Perhaps oit should merge with fatty acid biosynthetic process?

Reported by: ValWood

Original Ticket: geneontology/ontology-requests/7887

gocentral commented 13 years ago

Cindy Krieger is busy at a workshop this week. She should comment before any action is taken on this.

-Karen

Original comment by: krchristie

gocentral commented 13 years ago

This is exclusively a "process" in most bacteria, where the enzymatic activities are all in separate, discrete enzymes. However, in mammals, a single polypeptide encodes all of the enzymatic activities (the enzyme is a homodimer, but only one active subunit is required for activity), so there really is a single protein that has the function of complete fatty-acyl-CoA synthase. I'd suggest that we keep it as it is, so that more-complex organisms can me properly annotated.

Original comment by: diannafisk

gocentral commented 13 years ago

Er, doesn't that mean it should be a process? The compound term is just a gene product specific function?

Val

Original comment by: ValWood

gocentral commented 13 years ago

The EC number 2.3.1.86 actually specifies the function of fatty-acyl-CoA synthase, and is the equivalent of Molecular Function (GO:0004312). As written its a complete synthesis of fatty-acyl-CoA, not just one of the enzymatic reactions. I don't know why they've written "yeast fatty acid synthase" as an alternative name, since yeasts do the S. cerevisiae complex has subunits with different functions. It would be more appropriate to have "mammalian fatty acid synthase" as an alternative name.

Do we necessarily break down functions into individual reactions? So you can't have a function that involves more than one chemical reaction? This seems overly reductionist.

Original comment by: diannafisk

gocentral commented 13 years ago

I thought that the individual activities were represented and that a group of terms is a process (even if performed by a single molecule). Maybe I'm wrong, Amelia will know....

val

Original comment by: ValWood

gocentral commented 13 years ago

Val is correct - a series of reactions is a process, regardless of how many gene products are involved in it. A function is a step in the process, and if you find your function is a combination of several other functions, you are either representing a process (as this FA synthesis reaction would be), or you are trying to incorporate gene product or protein class information into the ontology (e.g. if you had a term 'actin activity', which combined ATPase activity and protein binding - you're trying to encode information about the actin protein in the ontology).

Original comment by: girlwithglasses

gocentral commented 13 years ago

I would leave fatty-acyl-CoA synthase activity (GO:0004321) as a MF term separate from the BP term for fa biosynthetic process.

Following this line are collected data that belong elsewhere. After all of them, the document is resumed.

Lemma gen_opp gens a : in_gen_field iota gens a -> in_gen_field iota gens (- a).
Proof. by move=> Ga; rewrite -sub0r -(rmorph0 iota); apply: gen_sub Ga; apply: gen_const. Qed.

Lemma gen_add gens a b :
  in_gen_field iota gens a -> in_gen_field iota gens b ->
  in_gen_field iota gens (a + b).
Proof. by move=> Ga Gb; rewrite -[b]opprK; apply: gen_sub Ga _; apply: gen_opp. Qed.

Lemma gen_exp gens z m : in_gen_field iota gens z -> in_gen_field iota gens (z ^+ m).
Proof.
move=> Gz; elim: m => [|m IH]; first by rewrite expr0 -(rmorph1 iota); apply: gen_const.
by rewrite exprS; apply: gen_mul.
Qed.

Lemma gen_Tr gens q m z : in_gen_field iota gens z -> in_gen_field iota gens (Tr q m z).
Proof.
move=> Gz; elim: m => [|m IH].
  by rewrite /Tr big_ord0 -(rmorph0 iota); apply: gen_const.
by rewrite /Tr big_ord_recr /=; apply: gen_add IH _; apply: gen_exp.
Qed.

Lemma gen_mem1 a : in_gen_field iota [:: a] a.
Proof. by apply: gen_mem; rewrite inE. Qed.

Lemma gen_mem2l a b : in_gen_field iota [:: a; b] a.
Proof. by apply: gen_mem; rewrite !inE eqxx. Qed.

Lemma gen_mem2r a b : in_gen_field iota [:: a; b] b.
Proof. by apply: gen_mem; rewrite !inE eqxx orbT. Qed.

Lemma gen_trans gens gens' z :
  (forall g, g \in gens -> in_gen_field iota gens' g) ->
  in_gen_field iota gens z -> in_gen_field iota gens' z.
Proof.
move=> sub_gens Gz; apply: Gz; [exact: gen_const | exact: sub_gens |
  exact: gen_sub | exact: gen_mul | exact: gen_inv].
Qed.

Lemma gen_trans1 gens a z :
  in_gen_field iota gens a -> in_gen_field iota [:: a] z -> in_gen_field iota gens z.
Proof. by move=> Ga; apply: gen_trans => g; rewrite inE => /eqP ->. Qed.

Lemma gen_trans2 gens a b z :
  in_gen_field iota gens a -> in_gen_field iota gens b ->
  in_gen_field iota [:: a; b] z -> in_gen_field iota gens z.
Proof. by move=> Ga Gb; apply: gen_trans => g; rewrite !inE => /orP[] /eqP ->. Qed.

Lemma gen_all_from_quot_l gens x y m :
  x != 0 -> (forall z, in_gen_field iota [:: x; y] z) ->
  in_gen_field iota gens x -> in_gen_field iota gens (y / x ^+ m) ->
  forall z, in_gen_field iota gens z.
Proof.
move=> x0 gen_xy Gx Gquot z; apply: gen_trans2 (gen_xy z) => //.
by rewrite -[y](divfK (expf_neq0 m x0)); apply: gen_mul Gquot (gen_exp _ Gx).
Qed.

Lemma gen_all_from_quot_r gens x y m :
  y != 0 -> (forall z, in_gen_field iota [:: x; y] z) ->
  in_gen_field iota gens y -> in_gen_field iota gens (y ^+ m / x) ->
  forall z, in_gen_field iota gens z.
Proof.
move=> y0 gen_xy Gy Gquot z; apply: gen_trans2 (gen_xy z) => //.
rewrite -[x](divKf (expf_neq0 m y0) x).
by apply: gen_mul (gen_exp _ Gy) (gen_inv Gquot).
Qed.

Yes, fatty-acyl-CoA synthase activity (GO:0004321) is an enzymatic activity comprised of many different reactions (EC 2.3.1.38 [acyl-carrier-protein] S-acetyltransferase, EC 2.3.1.39 [acyl-carrier-protein] S-malonyltransferase, EC 2.3.1.41 3-oxoacyl-[acyl-carrier-protein] synthase, EC 1.1.1.100 3-oxoacyl-[acyl-carrier-protein] reductase, EC 1.1.1.279, (R)-3-hydroxyacid ester dehydrogenase, EC 4.2.1.61 3-hydroxypalmitoyl-[acyl-carrier-protein] dehydratase and EC 1.3.1.9 enoyl-[acyl-carrier-protein] reductase (NADH)). However, as Dianna mentioned, animals and yeast fatty acid syntheses (FAS) are multicomplex enzymes that contain all of the catalytic activities to catalyze the overall reaction on either one polypeptide as in mammals or two different polypeptides as in yeast.

Thus, I think you should keep the overall fatty-acyl-CoA synthase activity as a molecular function activity for all type 1 FAS systems (animal, fungal, some bacterial) b/c they catalyze this overall activity. Animal FAS systems can be directly curated to this term, and genes from the yeast FAS systems would only be annotated to it with a contributes to since it only catalyzes a subset of the reactions.

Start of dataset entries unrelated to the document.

(* Let $G=(V,E)$ be a finite connected simple graph with vertex-weight $m_0\colon V\to\mathbb{R}_{>0}$ and distance parameter $d\colon E\to\mathbb{R}_{>0}$; set $M=\sum_{u\in V}m_0(u)$ and $D^2=\sum_{uv\in E}d(uv)^2$. Then $$\delta(G,m_0,d)=\max\Big\{1-\frac{D^2/M}{\sigma(G,m_0,d)},\,0\Big\}.$$
   Context: Edges are unordered pairs; $v\sim u$ means $uv\in E$; $\|\cdot\|$ is the Euclidean norm on $\mathbb{R}^{|V|}$. $\mathrm{bar}(\varphi)=\frac1M\sum_u m_0(u)\varphi(u)$. $\delta(G,m_0,d)=\inf\|\mathrm{bar}(\varphi)\|^2$ over all $\varphi\colon V\to\mathbb{R}^{|V|}$ with $\sum_u m_0(u)\|\varphi(u)\|^2=M$ and $\|\varphi(u)-\varphi(v)\|\le d(uv)$ for all $uv\in E$. For an edge-weight $m_1\colon E\to\mathbb{R}_{\ge0}$ with $(V,\{uv:m_1(uv)>0\})$ connected, the Laplacian is $(\Delta_{(m_0,m_1)}f)(u)=\frac{1}{m_0(u)}\big[(\sum_{v\sim u}m_1(uv))f(u)-\sum_{v\sim u}m_1(uv)f(v)\big]$ and $\lambda_1(G,(m_0,m_1))$ is its smallest positive eigenvalue, equivalently $\inf_f\frac{\sum_{uv}m_1(uv)(f(u)-f(v))^2}{\sum_u m_0(u)(f(u)-\bar f)^2}$ over nonconstant $f$, $\bar f=\frac1M\sum_u m_0(u)f(u)$. $\sigma(G,m_0,d)=\sup_{m_1}\lambda_1(G,(m_0,m_1))$ over all such edge-weights $m_1$ with $\sum_{uv\in E}m_1(uv)d(uv)^2=D^2$. *)

From HB Require Import structures.
From mathcomp Require Import all_boot all_order all_algebra.
From mathcomp Require Import all_classical all_reals.
Set Implicit Arguments. Unset Strict Implicit. Unset Printing Implicit Defensive.
Import Order.TTheory GRing.Theory Num.Theory.
Local Open Scope ring_scope.

Definition simple_graph (V : finType) (E : {set {set V}}) : Prop :=
  forall e, e \in E -> #|e| = 2%N.

Definition adj (V : finType) (E : {set {set V}}) : rel V :=
  fun u v => (u != v) && ([set u; v] \in E).

Definition connected_graph (V : finType) (E : {set {set V}}) : Prop :=
  forall u v : V, connect (adj E) u v.

Section Defs.
Variable R : realType.
Variable V : finType.

Definition total_mass (m0 : V -> R) : R := \sum_u m0 u.

Definition Dsq (E : {set {set V}}) (d : {set V} -> R) : R :=
  \sum_(e in E) d e ^+ 2.

Definition enorm (x : 'rV[R]_#|V|) : R := Num.sqrt (\sum_i x ord0 i ^+ 2).

Definition bar (m0 : V -> R) (phi : V -> 'rV[R]_#|V|) : 'rV[R]_#|V| :=
  (total_mass m0)^-1 *: \sum_u m0 u *: phi u.

Definition admissible_embedding (E : {set {set V}}) (m0 : V -> R)
    (d : {set V} -> R) (phi : V -> 'rV[R]_#|V|) : Prop :=
  \sum_u m0 u * enorm (phi u) ^+ 2 = total_mass m0 /\
  forall u v, [set u; v] \in E -> u != v -> enorm (phi u - phi v) <= d [set u; v].

Definition delta (E : {set {set V}}) (m0 : V -> R) (d : {set V} -> R) : R :=
  inf [set enorm (bar m0 phi) ^+ 2 | phi in admissible_embedding E m0 d]%classic.

Definition mean (m0 : V -> R) (f : V -> R) : R :=
  (total_mass m0)^-1 * \sum_u m0 u * f u.

Definition rayleigh (E : {set {set V}}) (m0 : V -> R) (m1 : {set V} -> R)
    (f : V -> R) : R :=
  (\sum_(e in E) m1 e * (\sum_(u in e) \sum_(v in e | u != v) (f u - f v) ^+ 2) / 2%:R)
  / (\sum_u m0 u * (f u - mean m0 f) ^+ 2).

Definition nonconstant (f : V -> R) : Prop := exists u v, f u != f v.

Definition lambda1 (E : {set {set V}}) (m0 : V -> R) (m1 : {set V} -> R) : R :=
  inf [set rayleigh E m0 m1 f | f in nonconstant]%classic.

Definition support_edges (E : {set {set V}}) (m1 : {set V} -> R) : {set {set V}} :=
  [set e in E | 0 < m1 e].

Definition admissible_edge_weight (E : {set {set V}}) (d : {set V} -> R)
    (m1 : {set V} -> R) : Prop :=
  (forall e, e \in E -> 0 <= m1 e) /\
  connected_graph (support_edges E m1) /\
  \sum_(e in E) m1 e * d e ^+ 2 = Dsq E d.

Definition sigma (E : {set {set V}}) (m0 : V -> R) (d : {set V} -> R) : R :=
  sup [set lambda1 E m0 m1 | m1 in admissible_edge_weight E d]%classic.

End Defs.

Type 2 FAS systems, which belong to plants, bacteria, and mitochondria, are comprised of small independent enzymes that usually catalyze one step of the multi-step cyclic reaction. I think that the genes from type 2 FAS could still be annotated to the MF term fatty-acyl-CoA synthase activity with a contributes to, but I don't feel as strongly. Hope this is clear.

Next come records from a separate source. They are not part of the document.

(* Let $U=(\mathbb{R}^2\setminus\{0\})\times\mathbb{R}^{0|1}$ with even coordinates $(p,q)$ and odd coordinate $\tau$. Let $F$ be a superfunction on $U$ of pure parity that is homogeneous of degree $2$, i.e. $\mathcal{E}(F)=2F$. Then for all superfunctions $G,H$ on $U$ of pure parity, $$ \{F,\{G,H\}_{\rm gPb}\} =(-1)^{\sigma(F)}\,\{\{F,G\},H\}_{\rm gPb}+(-1)^{\sigma(F)(\sigma(G)+1)}\,\{G,\{F,H\}\}_{\rm gPb}. $$ In other words, the ghost Poisson bracket is invariant under the action of the conformal Lie superalgebra $\mathcal{K}(1)$ (the space of degree-$2$ homogeneous superfunctions with the Poisson bracket).
   Context: Superfunctions on $U$ are expressions $F=F_0(p,q)+\tau F_1(p,q)$ with $F_0,F_1$ smooth complex-valued functions on $\mathbb{R}^2\setminus\{0\}$, $\tau^2=0$, $\tau$ commuting with $p,q$. Parity: $\sigma(F_0)=0$, $\sigma(\tau F_1)=1$. Partial derivatives $\partial/\partial p,\partial/\partial q$ act coefficientwise, and $\partial(F_0+\tau F_1)/\partial\tau=F_1$. The Euler field is $\mathcal{E}=p\,\partial_p+q\,\partial_q+\tau\,\partial_\tau$. The Poisson bracket is $$\{F,G\}=\frac{\partial F}{\partial p}\frac{\partial G}{\partial q}-\frac{\partial F}{\partial q}\frac{\partial G}{\partial p}+\frac{\partial F}{\partial \tau}\frac{\partial G}{\partial \tau},$$ and the ghost Poisson bracket is the odd operation $$\{F,G\}_{\rm gPb}=\frac{\partial F}{\partial \tau}\,\mathcal{E}(G)-(-1)^{\sigma(F)}\,\mathcal{E}(F)\,\frac{\partial G}{\partial \tau}+\tau\left(\frac{\partial F}{\partial p}\frac{\partial G}{\partial q}-\frac{\partial F}{\partial q}\frac{\partial G}{\partial p}\right).$$ *)

From Stdlib Require Import Reals List.
From Coquelicot Require Import Coquelicot.
Set Implicit Arguments.
Open Scope R_scope.

Definition Dp (f : R -> R -> C) : R -> R -> C :=
  fun p q => (Derive (fun t => fst (f t q)) p, Derive (fun t => snd (f t q)) p).
Definition Dq (f : R -> R -> C) : R -> R -> C :=
  fun p q => (Derive (fun t => fst (f p t)) q, Derive (fun t => snd (f p t)) q).

Fixpoint iterD (l : list bool) (f : R -> R -> C) : R -> R -> C :=
  match l with
  | nil => f
  | b :: l' => (if b then Dp else Dq) (iterD l' f)
  end.

Definition inU (p q : R) : Prop := (p, q) <> (0, 0).

Definition smoothU (f : R -> R -> C) : Prop :=
  forall (l : list bool) (p q : R), inU p q ->
    continuous (fun z : R * R => iterD l f (fst z) (snd z)) (p, q) /\
    ex_derive (fun t => fst (iterD l f t q)) p /\
    ex_derive (fun t => snd (iterD l f t q)) p /\
    ex_derive (fun t => fst (iterD l f p t)) q /\
    ex_derive (fun t => snd (iterD l f p t)) q.

(* superfunction F0 + tau F1 *)
Record superfun := SF { sf0 : R -> R -> C ; sf1 : R -> R -> C }.

Definition sf_smooth (F : superfun) : Prop := smoothU (sf0 F) /\ smoothU (sf1 F).

(* pure parity s (false = even: F = F0, true = odd: F = tau F1), on U *)
Definition has_parity (F : superfun) (s : bool) : Prop :=
  forall p q, inU p q -> (if s then sf0 F p q = 0%C else sf1 F p q = 0%C).

Definition eqU (F G : superfun) : Prop :=
  forall p q, inU p q -> sf0 F p q = sf0 G p q /\ sf1 F p q = sf1 G p q.

(* algebra operations; tau^2 = 0, tau commutes with p, q *)
Definition sf_add (F G : superfun) : superfun :=
  SF (fun p q => (sf0 F p q + sf0 G p q)%C) (fun p q => (sf1 F p q + sf1 G p q)%C).
Definition sf_sub (F G : superfun) : superfun :=
  SF (fun p q => (sf0 F p q - sf0 G p q)%C) (fun p q => (sf1 F p q - sf1 G p q)%C).
Definition sf_scal (c : C) (F : superfun) : superfun :=
  SF (fun p q => (c * sf0 F p q)%C) (fun p q => (c * sf1 F p q)%C).
Definition sf_mul (F G : superfun) : superfun :=
  SF (fun p q => (sf0 F p q * sf0 G p q)%C)
     (fun p q => (sf0 F p q * sf1 G p q + sf1 F p q * sf0 G p q)%C).
Definition sf_tau (F : superfun) : superfun :=
  SF (fun _ _ => 0%C) (fun p q => sf0 F p q).

Definition sf_Dp (F : superfun) : superfun := SF (Dp (sf0 F)) (Dp (sf1 F)).
Definition sf_Dq (F : superfun) : superfun := SF (Dq (sf0 F)) (Dq (sf1 F)).
Definition sf_Dtau (F : superfun) : superfun := SF (sf1 F) (fun _ _ => 0%C).

Definition sf_p : superfun := SF (fun p _ => RtoC p) (fun _ _ => 0%C).
Definition sf_q : superfun := SF (fun _ q => RtoC q) (fun _ _ => 0%C).

Definition euler (F : superfun) : superfun :=
  sf_add (sf_add (sf_mul sf_p (sf_Dp F)) (sf_mul sf_q (sf_Dq F)))
         (sf_tau (sf_Dtau F)).

Definition sgn (s : bool) : C := if s then (-1)%C else 1%C.

Definition pb (F G : superfun) : superfun :=
  sf_add (sf_sub (sf_mul (sf_Dp F) (sf_Dq G)) (sf_mul (sf_Dq F) (sf_Dp G)))
         (sf_mul (sf_Dtau F) (sf_Dtau G)).

(* ghost Poisson bracket; sF is the parity sigma(F) of the first argument *)
Definition gpb (sF : bool) (F G : superfun) : superfun :=
  sf_add (sf_sub (sf_mul (sf_Dtau F) (euler G))
                 (sf_scal (sgn sF) (sf_mul (euler F) (sf_Dtau G))))
         (sf_tau (sf_sub (sf_mul (sf_Dp F) (sf_Dq G)) (sf_mul (sf_Dq F) (sf_Dp G)))).

(* Both sides are built from partial derivatives, so the identity is checked
   pointwise: at a point of U each component of each side is a polynomial in
   the 2-jets of the components of F, G and H, obtained by the Leibniz rule
   (mixed partials agree by Schwarz).  Writing F = f0 + tau f1, the condition
   E(F) = 2F says that f0 is homogeneous of degree 2 and f1 of degree 1, so
   their first partials are homogeneous of one degree less.  At a point with
   p <> 0 (resp. q <> 0) these Euler relations express the value, the pp- and
   the pq-derivative (resp. the qq- and the pq-derivative) of f0 and f1 through
   the other jet coordinates; after this substitution, and after discarding the
   components that vanish by the parity assumptions, every case is an identity
   of rational functions. *)

From Stdlib Require Import Reals List Lra.
From Coquelicot Require Import Coquelicot.
Open Scope R_scope.

Lemma Ceq_of_sub_eq (x y a b : C) : a = b -> (x - y = a - b)%C -> x = y.
Proof.
  intros Eab Exy; rewrite Eab in Exy.
  replace x with (y + (x - y))%C by ring; rewrite Exy; ring.
Qed.

Lemma RtoC_neq_0 x : x <> 0 -> RtoC x <> 0%C.
Proof. intros Hx [= E]; contradiction. Qed.

Definition is_Cderive (g : R -> C) (x : R) (a : C) : Prop :=
  is_derive (fun t => fst (g t)) x (fst a) /\ is_derive (fun t => snd (g t)) x (snd a).

Lemma is_derive_Rmult (u v : R -> R) x du dv :
  is_derive u x du -> is_derive v x dv ->
  is_derive (fun t => u t * v t) x (du * v x + u x * dv).
Proof. intros Hu Hv. exact (is_derive_mult u v x du dv Hu Hv Rmult_comm). Qed.

Lemma is_Cderive_const (c : C) x : is_Cderive (fun _ => c) x 0%C.
Proof. split; exact (is_derive_const _ x). Qed.

Lemma is_Cderive_RtoC x : is_Cderive RtoC x 1%C.
Proof. split; [exact (is_derive_id x) | exact (is_derive_const 0 x)]. Qed.

Lemma is_Cderive_plus g h x a b :
  is_Cderive g x a -> is_Cderive h x b -> is_Cderive (fun t => (g t + h t)%C) x (a + b)%C.
Proof. intros [? ?] [? ?]; split; now apply (is_derive_plus (V := R_NormedModule)). Qed.

Lemma is_Cderive_opp g x a : is_Cderive g x a -> is_Cderive (fun t => (- g t)%C) x (- a)%C.
Proof. intros [? ?]; split; now apply (is_derive_opp (V := R_NormedModule)). Qed.

Lemma is_Cderive_mult g h x a b :
  is_Cderive g x a -> is_Cderive h x b ->
  is_Cderive (fun t => (g t * h t)%C) x (a * h x + g x * b)%C.
Proof.
  intros [Hg1 Hg2] [Hh1 Hh2]; split; cbn.
  - replace (fst a * fst (h x) - snd a * snd (h x) + (fst (g x) * fst b - snd (g x) * snd b))
      with ((fst a * fst (h x) + fst (g x) * fst b) - (snd a * snd (h x) + snd (g x) * snd b))
      by ring.
    apply (is_derive_minus (V := R_NormedModule)); now apply is_derive_Rmult.
  - replace (fst a * snd (h x) + snd a * fst (h x) + (fst (g x) * snd b + snd (g x) * fst b))
      with ((fst a * snd (h x) + fst (g x) * snd b) + (snd a * fst (h x) + snd (g x) * fst b))
      by ring.
    apply (is_derive_plus (V := R_NormedModule)); now apply is_derive_Rmult.
Qed.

Original comment by: cjkrieger

gocentral commented 13 years ago

The more accepted, and least redundant way to deal with this would be to annotatate the individual enzyme activities, and to capture the information about the complex with a complex annotation. With the existing arrangement groups can easily use the "fatty acid synthase" and omit the contributing activities, or vice versa, leading to annotation consistency.

Using contributes_to with the existing terms would also be another slightly different use of contributes_to than the already existing uses, so we should avoid this.

The decomposing of "fatty acid synthase" is analogous to the recent decomposing of the transcription factors to represent their elemental activites. The existing arrangement isn't ontologically correct. For instance, the FAS activity has a bunch of children, none of which are the enzyme activities above. I haven't looked at these children closely, but they may also be processes. If it is warranted, specific process terms which describe the 2 FAS systems should be created.

Whatever we do, it should match exactly the existing practices employed elsewhere in the ontology....

Original comment by: ValWood

gocentral commented 13 years ago

I do not agree that it is accepted practice that this type of situation should be dealt with by annotating to each of the individual activities. That idea represents the opinion of some, but definitely not of all. Please also look at the older SF item Cindy started for "fatty acid synthase activity": GO term changes related to Fatty acid synthesis https://sourceforge.net/tracker/?func=detail&aid=3011267&group\_id=36855&atid=440764

Personally, I think that it would be a real mistake to put eukaryotic annotators into the situation that when the find a paper that shows that an enzyme has "fatty acid synthase activity" (or "fatty-acyl-CoA synthase activity" which is exactly the same situation), which is a quite reasonable thing to assay, and the paper may not make any mention of the individual steps which can be distinguished if you mutate the gene or if you are able to halt the reaction by some other means, that they must go find which multiple different steps are part of fatty acid synthase activity. In addition, as a single gene product that contains all of these component parts and has catalytic activity, I would like to be able to annotate the fatty acid synthase gene to a single term that is a descendent of "catalytic activity", and not have to go dig around to figure out what 5 or 6 individual functions this corresponds to. As Dianna and Cindy have already said, in mammals, or even in yeast where the gene products split up the activities slightly differently but where the active entity is also a complex that performs "fatty acid synthase activity", the individual steps are not separable in these organisms, they occur as a unit.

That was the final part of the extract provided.